La entomofagia mexicana es prehispánica y sigue viva. Estas son las opciones que efectivamente están de temporada en septiembre.

  • Chinicuiles. Gusanos rojos de maguey, de temporada de lluvias. Se fríen con sal y limón, o se muelen para hacer salsa. Sabor intenso, ligeramente ahumado.
  • Gusanos de maguey blancos. Los meocuiles, más grandes y de sabor más suave. Se comen en taco con guacamole.
  • Chapulines. Disponibles todo el año en versión seca, pero mejores en temporada de lluvias. Oaxaca es el referente.
  • Huitlacoche. No es insecto sino hongo del maíz, y septiembre es plena temporada. El más accesible de todos y el mejor punto de entrada.
  • Escamoles. Las famosas "huevas de hormiga". Ojo: su temporada es de marzo a mayo. Lo que se vende en septiembre suele ser congelado.

Advertencia editorial: los chinicuiles y los gusanos de maguey se han encarecido mucho por sobreexplotación. Si los compras, hazlo con proveedores de mercado establecido y no en la calle.

Cómo armar una cena patria distinta

Si quieres salirte del guion sin volverte loca, esta combinación funciona y es realizable en una cocina normal.

  1. Botana: quesadillas de huitlacoche y chapulines con guacamole.
  2. Entrada: chileatole verde en tazas, servido caliente.
  3. Plato fuerte: asado de boda zacatecano con arroz y frijoles.
  4. Guarnición: nopales asados y cebollitas de cambray.
  5. Postre: capirotada o dulce de calabaza en tacha.
  6. Bebida: mezcal joven y agua de jamaica.

Todo salvo el asado se prepara el mismo día. El asado, como casi todos los guisos de chile, mejora hecho la víspera.

Si prefieres jugar seguro con el pozole y solo variar la versión, las diferencias entre el rojo, el blanco y el verde están en nuestra guía con receta base. Y si el plan incluye chiles en nogada, la temporada cierra a finales de septiembre: aquí la receta y dónde conseguir la nuez de Castilla.

Para el maridaje, un mezcal joven acompaña mejor estos guisos que un tequila reposado. Las señales para reconocer calidad en la etiqueta están en mezcal vs. tequila.

Dónde conseguir los ingredientes en CDMX

Mercado de San Juan. El punto de referencia para insectos comestibles, huitlacoche fresco y productos difíciles. Precios altos, calidad consistente.

Mercado de Medellín. Chiles secos de todas las regiones, especias y productos del sureste.

Central de Abasto. Los mejores precios en volumen, pero requiere ir temprano y saber qué buscas.

Mercado de Sonora. Chiles secos y hierbas, con la ventaja de encontrar variedades regionales poco comunes.

Preguntas frecuentes

¿Cuál de estos platillos es más fácil para principiantes?
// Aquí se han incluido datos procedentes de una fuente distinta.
(* Localization S^-1 M of an R-module M at a multiplicative subset S of a    *)
(* commutative ring R: pairs (m, s) with s \in S (written m/s), modulo       *)
(*      m/s ~ m'/s'  iff  u *: (s' *: m - s *: m') = 0 for some u \in S,     *)
Module Localization.
Section Loc.
Variables (R : comPzRingType) (M : lmodType R) (S : mulrClosed R).

Inductive lfrac := MkLfrac { lfval : M * R; _ : lfval.2 \in S }.
HB.instance Definition _ := [isSub for lfval].
HB.instance Definition _ := [Choice of lfrac by <:].

Definition num (x : lfrac) : M := (lfval x).1.
Definition den (x : lfrac) : R := (lfval x).2.

Lemma denP (x : lfrac) : den x \in S. Proof. by case: x. Qed.

Definition eqv (x y : lfrac) : bool :=
  `[< exists2 u, u \in S & u *: (den y *: num x - den x *: num y) = 0 >].

Lemma eqvP (x y : lfrac) :
  reflect (exists2 u, u \in S & (u * den y) *: num x = (u * den x) *: num y)
          (eqv x y).
Proof.
apply: (iffP (asboolP _)) => -[u uS H]; exists u => //.
  by apply/eqP; rewrite -!scalerA -subr_eq0 -scalerBr H.
by apply/eqP; rewrite scalerBr !scalerA subr_eq0 H.
Qed.

Lemma eqv_refl : reflexive eqv.
Proof. by move=> x; apply/eqvP; exists 1; rewrite ?rpred1. Qed.

Lemma eqv_sym : symmetric eqv.
Proof. by move=> x y; apply/eqvP/eqvP => -[u uS H]; exists u. Qed.

Lemma eqv_trans : transitive eqv.
Proof.
move=> y x z /eqvP[u uS H1] /eqvP[v vS H2]; apply/eqvP.
exists (u * v * den y); first by rewrite !rpredM ?denP.
apply: (@eq_trans _ _ ((v * den z) *: ((u * den y) *: num x))).
  by rewrite scalerA; congr (_ *: _); ring.
rewrite H1 scalerA.
apply: (@eq_trans _ _ ((u * den x) *: ((v * den z) *: num y))).
  by rewrite scalerA; congr (_ *: _); ring.
by rewrite H2 scalerA; congr (_ *: _); ring.
Qed.

Canonical eqv_equiv := EquivRel eqv eqv_refl eqv_sym eqv_trans.

Definition type := {eq_quot eqv}.
HB.instance Definition _ : EqQuotient _ eqv type := EqQuotient.on type.
HB.instance Definition _ := Choice.on type.

Lemma eqv_repr x : eqv x (repr (\pi_type x)).
Proof. by apply/(@eqquotP _ _ type); rewrite reprK. Qed.

Definition zerof : lfrac := @MkLfrac (0, 1) (rpred1 S).
Definition addf (x y : lfrac) : lfrac :=
  @MkLfrac (den y *: num x + den x *: num y, den x * den y)
           (rpredM (denP x) (denP y)).
Definition oppf (x : lfrac) : lfrac := @MkLfrac (- num x, den x) (denP x).
Definition scalef (a : R) (x : lfrac) : lfrac :=
  @MkLfrac (a *: num x, den x) (denP x).

Lemma num_addf x y : num (addf x y) = den y *: num x + den x *: num y.
Proof. by []. Qed.
Lemma den_addf x y : den (addf x y) = den x * den y. Proof. by []. Qed.
Lemma num_oppf x : num (oppf x) = - num x. Proof. by []. Qed.
Lemma den_oppf x : den (oppf x) = den x. Proof. by []. Qed.
Lemma num_scalef a x : num (scalef a x) = a *: num x. Proof. by []. Qed.
Lemma den_scalef a x : den (scalef a x) = den x. Proof. by []. Qed.
Lemma num_zerof : num zerof = 0. Proof. by []. Qed.
Lemma den_zerof : den zerof = 1. Proof. by []. Qed.
Definition lfE := (num_addf, den_addf, num_oppf, den_oppf, num_scalef,
  den_scalef, num_zerof, den_zerof).

Lemma addf_eqv x x' y y' : eqv x x' -> eqv y y' -> eqv (addf x y) (addf x' y').
Proof.
move=> /eqvP[u uS Hx] /eqvP[v vS Hy]; apply/eqvP; exists (u * v).
  by rewrite rpredM.
rewrite /addf /num /den /= -/(num x) -/(num y) -/(den x) -/(den y)
  -/(num x') -/(num y') -/(den x') -/(den y') !scalerDr !scalerA.
apply: (@eq_trans _ _ ((v * den y' * den y) *: ((u * den x') *: num x)
                   + (u * den x' * den x) *: ((v * den y') *: num y))).
  by rewrite !scalerA; congr (_ + _); congr (_ *: _); ring.
apply: (@eq_trans _ _ ((v * den y' * den y) *: ((u * den x) *: num x')
                   + (u * den x' * den x) *: ((v * den y) *: num y'))).
  by congr (_ + _); congr (_ *: _).
by rewrite !scalerA; congr (_ + _); congr (_ *: _); ring.
Qed.

Lemma oppf_eqv x x' : eqv x x' -> eqv (oppf x) (oppf x').
Proof.
by move=> /eqvP[u uS Hx]; apply/eqvP; exists u => //; rewrite /= !scalerN Hx.
Qed.

Lemma scalef_eqv a x x' : eqv x x' -> eqv (scalef a x) (scalef a x').
Proof.
move=> /eqvP[u uS Hx]; apply/eqvP; exists u => //=.
rewrite /num /den /= -/(num x) -/(num x') -/(den x) -/(den x').
apply: (@eq_trans _ _ (a *: ((u * den x') *: num x))).
  by rewrite !scalerA; congr (_ *: _); ring.
apply: (@eq_trans _ _ (a *: ((u * den x) *: num x'))).
  by congr (_ *: _).
by rewrite !scalerA; congr (_ *: _); ring.
Qed.

Definition zero : type := \pi_type zerof.
Fact op_key : unit. Proof. exact: tt. Qed.
Definition add : type -> type -> type :=
  locked_with op_key (fun x y => \pi_type (addf (repr x) (repr y))).
Definition opp : type -> type :=
  locked_with op_key (fun x => \pi_type (oppf (repr x))).
Definition scale : R -> type -> type :=
  locked_with op_key (fun a x => \pi_type (scalef a (repr x))).

Lemma pi_add x y : add (\pi_type x) (\pi_type y) = \pi_type (addf x y).
Proof.
rewrite /add locked_withE.
apply/(@eqquotP _ _ type); rewrite eqv_sym; apply: addf_eqv; exact: eqv_repr.
Qed.

Lemma pi_opp x : opp (\pi_type x) = \pi_type (oppf x).
Proof. rewrite /opp locked_withE.
apply/(@eqquotP _ _ type); rewrite eqv_sym; apply: oppf_eqv; exact: eqv_repr. Qed.

Lemma pi_scale a x : scale a (\pi_type x) = \pi_type (scalef a x).
Proof.
rewrite /scale locked_withE.
apply/(@eqquotP _ _ type); rewrite eqv_sym; apply: scalef_eqv; exact: eqv_repr.
Qed.

Lemma lfrac_eq (x y : lfrac) : num x = num y -> den x = den y -> x = y.
Proof.
case: x y => [[m s] Hs] [[m' s'] Hs'] /= e1 e2; apply: val_inj => /=.
by rewrite /num /den /= in e1 e2; rewrite e1 e2.
Qed.

Lemma addA : associative add.
Proof.
elim/quotW=> x; elim/quotW=> y; elim/quotW=> z; rewrite !pi_add.
congr \pi; apply: lfrac_eq; rewrite !lfE ?mulrA //.
rewrite !scalerDr !scalerA addrA; congr (_ + _ + _); congr (_ *: _); ring.
Qed.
El asado de boda. Es esencialmente un guiso de cerdo en salsa de chile, y el margen de error es amplio.

¿Los insectos comestibles son seguros? Sí, siempre que provengan de proveedores establecidos. Se consumen en México desde época prehispánica y son fuente reconocida de proteína.

¿Por qué no se conocen fuera de sus regiones? Por concentración mediática. La cocina que se difundió como "mexicana" a nivel nacional fue principalmente la del centro del país, y el resto quedó como gastronomía local.

¿Se pueden preparar con anticipación? Los guisos de chile —asado de boda, tatemado, cochito— mejoran preparados la víspera. Los caldos y atoles se hacen el mismo día.

¿Qué tan caro sale hacer una cena así? El asado de boda cuesta aproximadamente lo mismo que un pozole de cerdo. Los insectos comestibles son el rubro caro: pueden costar varias veces el precio de la carne por kilo.